WHAT IS BEING ASKED: Once the line containing "if (k < Nn d" is found in the records below, return it and each following line exactly, up to and including the line containing "Definition rtuple (d", and nothing else.

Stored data
- Opening Delimiter -
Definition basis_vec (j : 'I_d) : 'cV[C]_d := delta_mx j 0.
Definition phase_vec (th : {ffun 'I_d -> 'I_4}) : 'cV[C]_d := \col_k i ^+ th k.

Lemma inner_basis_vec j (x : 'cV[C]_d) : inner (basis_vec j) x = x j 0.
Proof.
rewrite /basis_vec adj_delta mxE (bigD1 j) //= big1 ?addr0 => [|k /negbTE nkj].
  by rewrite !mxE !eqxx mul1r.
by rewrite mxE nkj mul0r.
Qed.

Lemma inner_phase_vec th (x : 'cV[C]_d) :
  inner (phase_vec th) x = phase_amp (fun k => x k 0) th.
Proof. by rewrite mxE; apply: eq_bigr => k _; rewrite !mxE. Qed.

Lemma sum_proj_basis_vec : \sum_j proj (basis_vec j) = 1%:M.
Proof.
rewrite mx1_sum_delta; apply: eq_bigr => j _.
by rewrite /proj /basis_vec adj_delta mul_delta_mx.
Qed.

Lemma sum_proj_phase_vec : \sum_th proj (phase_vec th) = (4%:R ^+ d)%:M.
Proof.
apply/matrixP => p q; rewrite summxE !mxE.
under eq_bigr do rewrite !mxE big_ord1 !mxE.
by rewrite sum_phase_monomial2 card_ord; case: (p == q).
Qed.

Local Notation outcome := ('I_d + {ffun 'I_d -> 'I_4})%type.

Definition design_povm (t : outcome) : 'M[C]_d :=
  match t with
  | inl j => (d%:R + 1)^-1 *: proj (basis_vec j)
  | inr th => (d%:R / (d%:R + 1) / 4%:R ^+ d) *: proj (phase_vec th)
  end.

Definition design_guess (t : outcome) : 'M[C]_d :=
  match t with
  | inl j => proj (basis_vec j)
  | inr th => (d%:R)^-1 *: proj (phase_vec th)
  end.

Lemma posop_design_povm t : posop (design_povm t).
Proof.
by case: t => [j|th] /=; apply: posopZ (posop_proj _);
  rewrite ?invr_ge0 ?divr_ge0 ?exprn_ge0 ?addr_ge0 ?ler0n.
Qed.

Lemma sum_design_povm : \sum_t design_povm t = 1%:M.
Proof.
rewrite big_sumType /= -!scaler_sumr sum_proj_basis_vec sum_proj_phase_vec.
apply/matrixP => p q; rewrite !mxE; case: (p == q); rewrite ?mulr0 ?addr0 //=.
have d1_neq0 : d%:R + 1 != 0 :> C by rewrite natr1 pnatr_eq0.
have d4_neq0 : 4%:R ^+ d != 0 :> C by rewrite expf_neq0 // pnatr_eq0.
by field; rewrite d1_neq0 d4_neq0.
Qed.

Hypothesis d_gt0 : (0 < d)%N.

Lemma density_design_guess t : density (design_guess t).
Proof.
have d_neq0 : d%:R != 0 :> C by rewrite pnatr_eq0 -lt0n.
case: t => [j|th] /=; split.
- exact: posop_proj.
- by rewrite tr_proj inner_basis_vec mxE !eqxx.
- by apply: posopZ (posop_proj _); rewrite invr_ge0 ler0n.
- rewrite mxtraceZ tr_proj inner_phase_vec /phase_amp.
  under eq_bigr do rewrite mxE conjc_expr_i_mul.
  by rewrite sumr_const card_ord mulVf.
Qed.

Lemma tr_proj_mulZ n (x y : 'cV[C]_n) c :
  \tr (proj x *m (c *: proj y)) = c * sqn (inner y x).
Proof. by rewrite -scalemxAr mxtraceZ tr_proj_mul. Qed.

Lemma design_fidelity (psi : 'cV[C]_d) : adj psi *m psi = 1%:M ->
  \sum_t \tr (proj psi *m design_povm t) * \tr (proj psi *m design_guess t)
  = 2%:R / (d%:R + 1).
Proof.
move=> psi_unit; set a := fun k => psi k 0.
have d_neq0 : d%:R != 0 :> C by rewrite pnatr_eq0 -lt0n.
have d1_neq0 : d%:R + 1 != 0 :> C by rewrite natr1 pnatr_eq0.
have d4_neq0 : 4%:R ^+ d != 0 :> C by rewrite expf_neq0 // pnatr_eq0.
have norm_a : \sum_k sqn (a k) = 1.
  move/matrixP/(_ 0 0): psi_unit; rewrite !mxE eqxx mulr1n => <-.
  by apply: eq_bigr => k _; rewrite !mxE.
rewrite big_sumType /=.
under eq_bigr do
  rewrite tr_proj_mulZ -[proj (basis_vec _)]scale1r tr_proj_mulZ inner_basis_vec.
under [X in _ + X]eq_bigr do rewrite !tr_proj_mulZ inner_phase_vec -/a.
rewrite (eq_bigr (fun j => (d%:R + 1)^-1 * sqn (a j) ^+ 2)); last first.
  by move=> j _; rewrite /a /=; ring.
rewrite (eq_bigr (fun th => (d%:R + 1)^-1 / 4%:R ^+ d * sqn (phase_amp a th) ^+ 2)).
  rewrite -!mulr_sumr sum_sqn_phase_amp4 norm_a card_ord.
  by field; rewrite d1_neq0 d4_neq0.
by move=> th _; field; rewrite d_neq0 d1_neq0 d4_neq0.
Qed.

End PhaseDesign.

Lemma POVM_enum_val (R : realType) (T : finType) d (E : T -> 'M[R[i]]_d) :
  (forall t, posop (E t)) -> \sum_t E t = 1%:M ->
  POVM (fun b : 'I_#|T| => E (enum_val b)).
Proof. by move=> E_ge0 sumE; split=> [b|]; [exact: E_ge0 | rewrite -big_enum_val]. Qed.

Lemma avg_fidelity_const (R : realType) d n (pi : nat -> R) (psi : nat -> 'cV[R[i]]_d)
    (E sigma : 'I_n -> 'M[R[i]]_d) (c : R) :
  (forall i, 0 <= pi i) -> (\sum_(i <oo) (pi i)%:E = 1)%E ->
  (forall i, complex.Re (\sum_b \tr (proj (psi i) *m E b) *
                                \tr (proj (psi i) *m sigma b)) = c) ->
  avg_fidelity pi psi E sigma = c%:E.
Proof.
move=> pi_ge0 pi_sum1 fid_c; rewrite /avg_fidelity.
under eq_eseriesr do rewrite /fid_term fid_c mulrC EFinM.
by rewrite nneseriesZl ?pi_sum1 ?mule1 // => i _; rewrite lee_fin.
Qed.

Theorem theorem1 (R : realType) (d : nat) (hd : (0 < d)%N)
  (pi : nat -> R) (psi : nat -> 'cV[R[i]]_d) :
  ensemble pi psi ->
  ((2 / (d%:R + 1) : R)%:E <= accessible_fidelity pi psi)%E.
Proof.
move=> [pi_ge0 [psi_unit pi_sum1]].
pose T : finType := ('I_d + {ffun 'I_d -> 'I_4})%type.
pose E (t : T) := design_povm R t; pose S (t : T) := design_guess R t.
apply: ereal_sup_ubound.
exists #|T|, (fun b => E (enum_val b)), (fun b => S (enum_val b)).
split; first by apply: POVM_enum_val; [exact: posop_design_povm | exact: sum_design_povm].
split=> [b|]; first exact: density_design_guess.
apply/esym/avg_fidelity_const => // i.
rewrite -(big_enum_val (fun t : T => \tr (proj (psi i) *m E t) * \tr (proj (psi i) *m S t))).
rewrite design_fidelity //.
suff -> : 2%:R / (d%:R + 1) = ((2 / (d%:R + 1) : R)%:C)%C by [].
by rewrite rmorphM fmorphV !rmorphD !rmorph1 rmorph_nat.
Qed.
- Closing Delimiter -
- Opening Delimiter -
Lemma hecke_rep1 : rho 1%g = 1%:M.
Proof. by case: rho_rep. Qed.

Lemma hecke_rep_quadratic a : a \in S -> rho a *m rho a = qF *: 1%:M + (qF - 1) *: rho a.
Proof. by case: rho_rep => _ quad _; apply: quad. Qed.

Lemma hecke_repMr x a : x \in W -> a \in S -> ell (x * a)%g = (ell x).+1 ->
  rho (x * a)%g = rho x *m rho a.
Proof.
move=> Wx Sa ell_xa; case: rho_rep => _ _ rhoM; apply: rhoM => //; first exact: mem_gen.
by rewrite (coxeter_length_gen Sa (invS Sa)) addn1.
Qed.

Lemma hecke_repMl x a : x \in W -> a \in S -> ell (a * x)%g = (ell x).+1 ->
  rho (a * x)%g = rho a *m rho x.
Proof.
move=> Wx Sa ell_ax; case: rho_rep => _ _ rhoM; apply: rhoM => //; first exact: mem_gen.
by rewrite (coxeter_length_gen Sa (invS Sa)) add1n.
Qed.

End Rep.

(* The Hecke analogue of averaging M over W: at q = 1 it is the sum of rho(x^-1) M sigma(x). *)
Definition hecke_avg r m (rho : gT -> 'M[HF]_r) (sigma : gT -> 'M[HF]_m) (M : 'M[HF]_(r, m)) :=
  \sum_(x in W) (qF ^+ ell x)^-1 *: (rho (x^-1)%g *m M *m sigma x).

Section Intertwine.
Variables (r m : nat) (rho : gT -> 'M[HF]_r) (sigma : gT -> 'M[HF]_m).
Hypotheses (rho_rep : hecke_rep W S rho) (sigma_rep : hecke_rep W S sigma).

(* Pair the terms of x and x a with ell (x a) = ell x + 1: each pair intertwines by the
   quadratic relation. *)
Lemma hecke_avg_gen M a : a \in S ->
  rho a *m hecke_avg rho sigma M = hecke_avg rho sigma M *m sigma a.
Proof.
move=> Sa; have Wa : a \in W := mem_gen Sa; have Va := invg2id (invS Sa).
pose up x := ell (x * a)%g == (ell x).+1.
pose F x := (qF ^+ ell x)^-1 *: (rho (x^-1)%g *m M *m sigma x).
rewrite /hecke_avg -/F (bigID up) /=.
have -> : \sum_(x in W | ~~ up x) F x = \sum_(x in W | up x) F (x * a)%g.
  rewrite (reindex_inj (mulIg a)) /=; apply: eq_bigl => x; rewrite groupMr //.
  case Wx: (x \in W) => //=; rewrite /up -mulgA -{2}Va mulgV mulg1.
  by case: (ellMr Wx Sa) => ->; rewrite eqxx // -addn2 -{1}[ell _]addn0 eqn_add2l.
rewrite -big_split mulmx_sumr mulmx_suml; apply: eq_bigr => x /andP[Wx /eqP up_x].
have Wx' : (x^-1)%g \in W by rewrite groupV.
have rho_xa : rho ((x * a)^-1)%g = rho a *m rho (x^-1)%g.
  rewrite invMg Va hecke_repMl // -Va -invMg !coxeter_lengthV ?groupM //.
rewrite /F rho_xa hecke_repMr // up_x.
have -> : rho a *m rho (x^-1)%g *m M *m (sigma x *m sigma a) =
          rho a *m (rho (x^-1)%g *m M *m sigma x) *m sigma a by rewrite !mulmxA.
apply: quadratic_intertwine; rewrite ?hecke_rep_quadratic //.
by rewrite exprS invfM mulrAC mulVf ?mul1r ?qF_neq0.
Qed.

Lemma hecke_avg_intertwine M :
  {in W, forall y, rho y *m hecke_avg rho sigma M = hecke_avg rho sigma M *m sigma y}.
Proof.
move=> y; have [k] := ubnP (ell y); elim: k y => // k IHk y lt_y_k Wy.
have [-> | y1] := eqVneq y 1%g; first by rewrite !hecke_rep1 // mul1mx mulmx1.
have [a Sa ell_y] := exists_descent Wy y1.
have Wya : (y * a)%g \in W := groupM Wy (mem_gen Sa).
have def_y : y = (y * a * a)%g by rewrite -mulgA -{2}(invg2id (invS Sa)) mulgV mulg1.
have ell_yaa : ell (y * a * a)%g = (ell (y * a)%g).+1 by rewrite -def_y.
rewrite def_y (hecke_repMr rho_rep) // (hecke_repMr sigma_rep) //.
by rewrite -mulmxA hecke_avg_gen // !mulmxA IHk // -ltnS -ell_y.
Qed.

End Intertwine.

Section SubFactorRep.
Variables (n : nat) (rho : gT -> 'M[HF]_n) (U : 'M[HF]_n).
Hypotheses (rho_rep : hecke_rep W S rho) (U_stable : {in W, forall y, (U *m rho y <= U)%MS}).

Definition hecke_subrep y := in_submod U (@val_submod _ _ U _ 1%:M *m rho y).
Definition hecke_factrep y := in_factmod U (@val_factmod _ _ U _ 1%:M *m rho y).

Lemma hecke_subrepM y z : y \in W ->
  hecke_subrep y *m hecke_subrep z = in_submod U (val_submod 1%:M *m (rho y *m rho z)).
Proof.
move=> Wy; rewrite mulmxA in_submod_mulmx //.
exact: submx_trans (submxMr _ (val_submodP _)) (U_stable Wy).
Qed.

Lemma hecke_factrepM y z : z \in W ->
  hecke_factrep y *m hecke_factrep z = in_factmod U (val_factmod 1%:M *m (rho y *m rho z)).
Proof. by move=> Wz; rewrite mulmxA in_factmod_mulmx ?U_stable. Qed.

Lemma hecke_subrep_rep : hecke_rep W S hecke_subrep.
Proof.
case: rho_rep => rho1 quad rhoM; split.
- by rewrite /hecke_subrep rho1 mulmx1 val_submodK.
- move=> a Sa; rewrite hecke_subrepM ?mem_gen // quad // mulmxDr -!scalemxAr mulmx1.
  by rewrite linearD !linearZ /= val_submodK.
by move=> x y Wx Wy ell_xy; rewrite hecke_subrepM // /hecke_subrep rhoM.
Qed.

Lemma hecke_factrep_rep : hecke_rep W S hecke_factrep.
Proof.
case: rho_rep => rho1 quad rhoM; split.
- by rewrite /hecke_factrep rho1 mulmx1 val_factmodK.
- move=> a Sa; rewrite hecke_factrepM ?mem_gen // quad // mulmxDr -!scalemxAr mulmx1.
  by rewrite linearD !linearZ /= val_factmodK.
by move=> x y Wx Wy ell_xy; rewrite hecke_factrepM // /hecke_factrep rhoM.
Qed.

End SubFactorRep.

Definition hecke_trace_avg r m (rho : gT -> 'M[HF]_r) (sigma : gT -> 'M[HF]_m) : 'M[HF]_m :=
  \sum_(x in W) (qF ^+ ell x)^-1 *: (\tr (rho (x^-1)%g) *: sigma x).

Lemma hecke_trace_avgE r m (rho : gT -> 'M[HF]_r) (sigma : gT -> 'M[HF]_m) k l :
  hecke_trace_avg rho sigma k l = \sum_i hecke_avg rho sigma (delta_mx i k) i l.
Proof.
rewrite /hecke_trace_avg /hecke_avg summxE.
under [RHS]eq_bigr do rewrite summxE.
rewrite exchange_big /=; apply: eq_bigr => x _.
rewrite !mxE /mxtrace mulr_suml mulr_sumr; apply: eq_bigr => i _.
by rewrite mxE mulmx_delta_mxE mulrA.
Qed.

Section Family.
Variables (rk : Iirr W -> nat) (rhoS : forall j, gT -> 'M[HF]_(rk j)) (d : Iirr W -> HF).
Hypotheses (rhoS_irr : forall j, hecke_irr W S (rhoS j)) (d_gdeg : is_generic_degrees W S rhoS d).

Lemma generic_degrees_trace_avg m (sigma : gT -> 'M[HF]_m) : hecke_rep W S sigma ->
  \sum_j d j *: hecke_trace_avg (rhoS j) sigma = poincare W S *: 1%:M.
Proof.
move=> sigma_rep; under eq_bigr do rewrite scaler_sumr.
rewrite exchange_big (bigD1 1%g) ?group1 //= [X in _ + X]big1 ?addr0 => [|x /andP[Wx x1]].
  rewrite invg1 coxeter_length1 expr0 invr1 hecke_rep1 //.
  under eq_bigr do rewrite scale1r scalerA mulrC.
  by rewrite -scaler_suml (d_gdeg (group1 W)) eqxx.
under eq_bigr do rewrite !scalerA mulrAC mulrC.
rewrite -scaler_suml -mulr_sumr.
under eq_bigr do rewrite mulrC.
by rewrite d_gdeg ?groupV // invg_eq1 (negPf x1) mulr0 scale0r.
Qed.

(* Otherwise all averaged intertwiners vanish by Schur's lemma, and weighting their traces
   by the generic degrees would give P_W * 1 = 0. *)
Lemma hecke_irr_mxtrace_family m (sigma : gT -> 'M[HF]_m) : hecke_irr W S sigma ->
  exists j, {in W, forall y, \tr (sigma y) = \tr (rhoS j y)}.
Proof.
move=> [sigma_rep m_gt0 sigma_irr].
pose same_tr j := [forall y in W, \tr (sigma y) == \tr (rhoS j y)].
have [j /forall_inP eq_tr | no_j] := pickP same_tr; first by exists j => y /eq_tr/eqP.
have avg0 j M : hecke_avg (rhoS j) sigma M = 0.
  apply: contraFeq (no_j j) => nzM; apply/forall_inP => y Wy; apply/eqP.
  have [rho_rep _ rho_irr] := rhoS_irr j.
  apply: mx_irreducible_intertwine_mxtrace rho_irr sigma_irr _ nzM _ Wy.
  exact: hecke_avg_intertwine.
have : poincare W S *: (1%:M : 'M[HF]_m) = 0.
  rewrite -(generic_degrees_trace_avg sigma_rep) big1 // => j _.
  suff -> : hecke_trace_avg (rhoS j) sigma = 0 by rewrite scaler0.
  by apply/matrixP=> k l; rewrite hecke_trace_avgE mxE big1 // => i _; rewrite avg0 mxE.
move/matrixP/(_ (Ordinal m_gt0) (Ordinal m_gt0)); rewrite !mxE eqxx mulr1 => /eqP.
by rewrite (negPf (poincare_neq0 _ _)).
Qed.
- Closing Delimiter -
- Opening Delimiter -
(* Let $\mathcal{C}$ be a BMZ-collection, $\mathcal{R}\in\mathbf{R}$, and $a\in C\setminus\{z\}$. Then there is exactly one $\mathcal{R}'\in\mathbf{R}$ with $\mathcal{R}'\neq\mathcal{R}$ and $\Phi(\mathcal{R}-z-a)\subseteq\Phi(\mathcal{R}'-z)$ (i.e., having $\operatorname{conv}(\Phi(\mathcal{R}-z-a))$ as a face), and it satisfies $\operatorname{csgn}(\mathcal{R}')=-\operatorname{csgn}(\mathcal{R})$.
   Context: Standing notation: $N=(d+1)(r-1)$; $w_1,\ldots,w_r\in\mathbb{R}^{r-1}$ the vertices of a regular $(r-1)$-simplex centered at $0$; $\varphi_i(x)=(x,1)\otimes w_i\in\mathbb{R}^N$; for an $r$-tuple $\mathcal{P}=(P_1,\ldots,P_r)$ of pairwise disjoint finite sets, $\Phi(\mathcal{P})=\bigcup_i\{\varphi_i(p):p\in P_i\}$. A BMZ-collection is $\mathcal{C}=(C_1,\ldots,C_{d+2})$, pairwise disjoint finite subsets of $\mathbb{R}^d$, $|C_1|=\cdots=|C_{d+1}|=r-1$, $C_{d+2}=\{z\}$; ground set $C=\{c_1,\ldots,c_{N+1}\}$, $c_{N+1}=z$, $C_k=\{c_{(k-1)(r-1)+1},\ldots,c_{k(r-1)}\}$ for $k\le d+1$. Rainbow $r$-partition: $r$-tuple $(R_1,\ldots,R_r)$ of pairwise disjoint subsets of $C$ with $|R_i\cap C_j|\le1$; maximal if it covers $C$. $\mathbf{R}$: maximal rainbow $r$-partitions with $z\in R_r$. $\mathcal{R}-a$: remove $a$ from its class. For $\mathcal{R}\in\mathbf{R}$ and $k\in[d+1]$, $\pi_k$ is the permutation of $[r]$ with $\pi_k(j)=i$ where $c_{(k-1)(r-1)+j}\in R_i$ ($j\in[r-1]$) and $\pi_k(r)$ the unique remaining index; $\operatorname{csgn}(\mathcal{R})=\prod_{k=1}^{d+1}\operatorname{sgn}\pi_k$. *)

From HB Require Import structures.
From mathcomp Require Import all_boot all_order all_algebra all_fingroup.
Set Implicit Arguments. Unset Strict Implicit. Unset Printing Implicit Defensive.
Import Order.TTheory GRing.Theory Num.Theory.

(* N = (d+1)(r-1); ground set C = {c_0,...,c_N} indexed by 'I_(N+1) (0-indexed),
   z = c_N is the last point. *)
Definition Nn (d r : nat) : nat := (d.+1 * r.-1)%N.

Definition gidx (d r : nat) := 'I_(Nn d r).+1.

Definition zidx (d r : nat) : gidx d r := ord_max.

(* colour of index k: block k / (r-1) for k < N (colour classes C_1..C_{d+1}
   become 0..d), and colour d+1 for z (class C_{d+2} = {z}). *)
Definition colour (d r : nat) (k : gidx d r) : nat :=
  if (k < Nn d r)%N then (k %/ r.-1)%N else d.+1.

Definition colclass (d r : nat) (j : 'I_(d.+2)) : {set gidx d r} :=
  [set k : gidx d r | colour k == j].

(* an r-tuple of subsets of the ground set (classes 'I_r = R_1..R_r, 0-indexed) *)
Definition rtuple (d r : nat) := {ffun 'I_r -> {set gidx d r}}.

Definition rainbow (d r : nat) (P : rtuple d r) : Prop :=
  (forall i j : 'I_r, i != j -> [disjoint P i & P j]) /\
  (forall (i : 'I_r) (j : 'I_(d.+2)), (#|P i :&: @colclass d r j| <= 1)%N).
- Closing Delimiter -
ANSWER SPACE:
  if (k < Nn d r)%N then (k %/ r.-1)%N else d.+1.

Definition colclass (d r : nat) (j : 'I_(d.+2)) : {set gidx d r} :=
  [set k : gidx d r | colour k == j].

(* an r-tuple of subsets of the ground set (classes 'I_r = R_1..R_r, 0-indexed) *)
Definition rtuple (d r : nat) := {ffun 'I_r -> {set gidx d r}}.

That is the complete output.